I think that’s somewhat on the right track but I wouldn’t put it quite that way (based on my understanding).
I think it’s not that you have an AI that you don’t want to run for a long time. It’s that you’re trying to start with something simple that is aligned, and then scale it up via IDA. And the simple thing that you start with is a human. (Or an AI trained to mimic a human.) And it’s easier to get training data on what a human will do over the course of 10 minutes than over 10 years. (You can get a lot of 10 minute samples… 10 year samples not so much.)
So the questions are: 1) can you scale up something that is simple and aligned, in a way that preserves the alignment?, and 2) will your scaled up system be competitive with whatever else is out there—with systems that were trained some other way than by scaling up a weak-but-aligned system (and which may be unaligned)?
The Factored Cognition Hypothesis is about question #2, about the potential capabilities of a scaled up system (rather than about the question of whether it would stay aligned). The way IDA scales up agents is analogous to having a tree of exponentially many copies of the agent, each doing a little bit of work. So you want to make sure you can split up work and still be competitive with what else is out there. If you can’t, then there will be strong incentives to do things some other way, and that may result in AI systems that aren’t aligned.
Again, the point is not that you have an ambiguously-aligned AI system that you want to avoid running for a long time. It’s that you have a weak-but-aligned AI system. And you want to make it more powerful while preserving its alignment. So you have it cooperate with several copies of itself. (That’s amplification.) And then you train your next system to mimic that group of agents working together. (That’s distillation.) And then you repeat. (That’s iteration.)
The hope is that by constructing your AI out of this virtual tree of human-mimicking AIs, it’s a little more grounded and constrained. And less likely to do something antithetical to human values than an AI you got by just giving your neural network some objective and telling it to go forth and optimize.
Note that all this is relevant in the context of prosaic AI alignment—aligning AI systems built out of something not-too-different from current ML. In particular, I believe Factored Cognition working well would be a prerequisite for most of the proposals here. (The version of amplification I described was imitative amplification, but I believe the FCH is relevant for the other forms of amplification too.)
That’s my understanding anyway. Would appreciate any corrections from others.
EDIT: On second thought, what you describe sounds a bit like myopia, which is a property that some people think these systems need to have, so your vague recollection may have been more on the right track than I was giving it credit for.
It’s that you’re trying to start with something simple that is aligned, and then scale it up via IDA.
I don’t think this is the hope, see here for more. I think the hope is that the base unit is ‘cheap’ and ‘honest’.
I think the ‘honesty’ criterion there is quite similar to ‘myopia’, in that both of them are about “just doing what’s in front of you, instead of optimizing for side effects.” This has some desirable properties, in that a myopic system won’t be ‘out to get you’, but also rules out getting some desirable properties. As an aside, I think it might work out that no myopic system can be corrigible (which doesn’t restrict systems built out of myopic parts, as those systems are not necessarily myopic).
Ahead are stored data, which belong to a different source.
(* Chernoff with lambda = tail_rate * sqrt (L ln n / (p (sqsum v + n))):
   then lambda * noise_level = (11 + tail_rate^2) ln n, while the quadratic
   term of the exponent is at most tail_rate^2 ln n. *)
Lemma noise_sum_tail_n c_p v :
  0 < c_p -> 0 < p -> c_p * ln n%:R < p * n%:R -> 1 <= ln (n%:R : R) ->
  (forall i j : 'I_n, (j < i)%N -> v i j ^+ 2 <= 4) ->
  Prob p x ths (fun w => noise_level c_p v < noise_sum v w) <= (n%:R ^+ 11)^-1.
Proof.
move=> c0 p0; set W := sqsum v; set l := ln (n%:R : R).
set Lr := (L%:R : R); set nr := (n%:R : R); move=> lpn l1 v_small.
have Lr0 : 0 < Lr by rewrite ltr0n.
have nr0 : 0 < nr.
  by rewrite -(pmulr_rgt0 _ p0) (lt_trans _ lpn) ?mulr_gt0 ?(lt_le_trans ltr01 l1).
have W0 : 0 <= W := sqsum_ge0 v.
have a0 := tail_rate_gt0 c0.
set A := Lr * l / (p * (W + nr)).
have A0 : 0 <= A by apply: divr_ge0; apply: mulr_ge0; lra.
set lam := tail_rate c_p * Num.sqrt A.
have lam0 : 0 <= lam by rewrite mulr_ge0 ?sqrtr_ge0 ?ltW.
have lam2 : lam ^+ 2 = tail_rate c_p ^+ 2 * A by rewrite exprMn sqr_sqrtr.
apply: le_trans (noise_sum_tail _ lam0 _) _.
  move=> i j ji; rewrite exprMn lam2.
  by apply: tail_rate_admissible => //; rewrite sqr_ge0 v_small.
have lam_level : lam * noise_level c_p v = (11 + tail_rate c_p ^+ 2) * l.
  rewrite /noise_level /tail_const -/W -/nr -/l -/Lr.
  rewrite (_ : lam * _ = (11 + tail_rate c_p ^+ 2) *
    (Num.sqrt A * Num.sqrt (p * (W + nr) * l / Lr))); last by rewrite /lam; field; rewrite gt_eqF.
  rewrite -sqrtrM // /A.
  rewrite (_ : Lr * l / (p * (W + nr)) * (p * (W + nr) * l / Lr) = l ^+ 2); last first.
    by field; apply/andP; split; lra.
  by rewrite sqrtr_sqr ger0_norm //; lra.
have quad_le : p * lam ^+ 2 * W / Lr <= tail_rate c_p ^+ 2 * l.
  rewrite lam2 /A (_ : p * _ * W / Lr = tail_rate c_p ^+ 2 * l * (W / (W + nr))); last first.
    by field; apply/andP; split; lra.
  apply: ler_piMr; first by rewrite mulr_ge0 ?sqr_ge0 //; lra.
  by rewrite ler_pdivrMr; lra.
apply: le_trans (_ : expR (- (11%:R * l)) <= _).
  by rewrite ler_expR lam_level -/W -/Lr; lra.
by rewrite -mulrN expRM_natl expRN /l lnK ?posrE // exprVn.
Qed.

End Model.

Section Derivatives.
Variable R : realType.

Lemma is_derive_affine (c v t0 : R) : is_derive t0 1 (fun t : R => c + v * t) v.
Proof.
have hv : is_derive t0 1 (fun t : R => v * t) v.
  by apply: is_derive_eq (is_deriveZ v (is_derive_id t0 1)) _; rewrite /GRing.scale /= mulr1.
by have := is_deriveD (is_derive_cst c t0 1) hv; rewrite add0r.
Qed.

Lemma is_derive_big_sum (I : Type) (r : seq I) (P : pred I) (f : I -> R -> R)
    (df : I -> R) (t0 : R) :
  (forall i, P i -> is_derive t0 1 (f i) (df i)) ->
  is_derive t0 1 (fun t => \sum_(i <- r | P i) f i t) (\sum_(i <- r | P i) df i).
Proof.
move=> hf; elim: r => [|a r IH].
  rewrite big_nil (_ : (fun _ => _) = cst 0); first exact: is_derive_cst.
  by apply/funext => t; rewrite big_nil.
rewrite big_cons (_ : (fun _ => _) =
  (fun t => (if P a then f a t else 0) + \sum_(i <- r | P i) f i t)); last first.
  by apply/funext => t; rewrite big_cons; case: ifP; rewrite ?add0r.
case Pa: (P a); first exact: is_deriveD (hf a Pa) IH.
by apply: is_derive_eq (is_deriveD (is_derive_cst 0 t0 1) IH) _; rewrite add0r.
Qed.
I agree with the rest of your comment that Factored Cognition is about question #2, of how much capability is left on the table by using assemblages of myopic parts.
I don’t think this is the hope, see here for more. I think the hope is that the base unit is ‘cheap’ and ‘honest’.
Hmm, cheap and honest makes some sense, but I’m surprised to hear that the hope is not that the base unit is aligned, because that seems to clash with how I’ve seen this discussed before. For example, from Ajeya’s post summarizing IDA:
The motivating problem that IDA attempts to solve: if we are only able to align agents that narrowly replicate human behavior, how can we build an AGI that is both aligned and ultimately much more capable than the best humans?
Which suggests to me that the base units (which narrowly replicate human behavior) are expected to be aligned.
More:
Moreover, because in each of its individual decisions each copy of A[0] continues to act just as a human personal assistant would act, we can hope that Amplify(H, A[0]) preserves alignment.
...
Because we assumed Amplify(H, A[0]) was aligned, we can hope that A[1] is also aligned if it is trained using sufficiently narrow techniques which introduce no new behaviors.
Which comes out and explicitly says that we want the amplify step to preserve alignment. (Which only makes sense if the agent at the previous step was aligned.)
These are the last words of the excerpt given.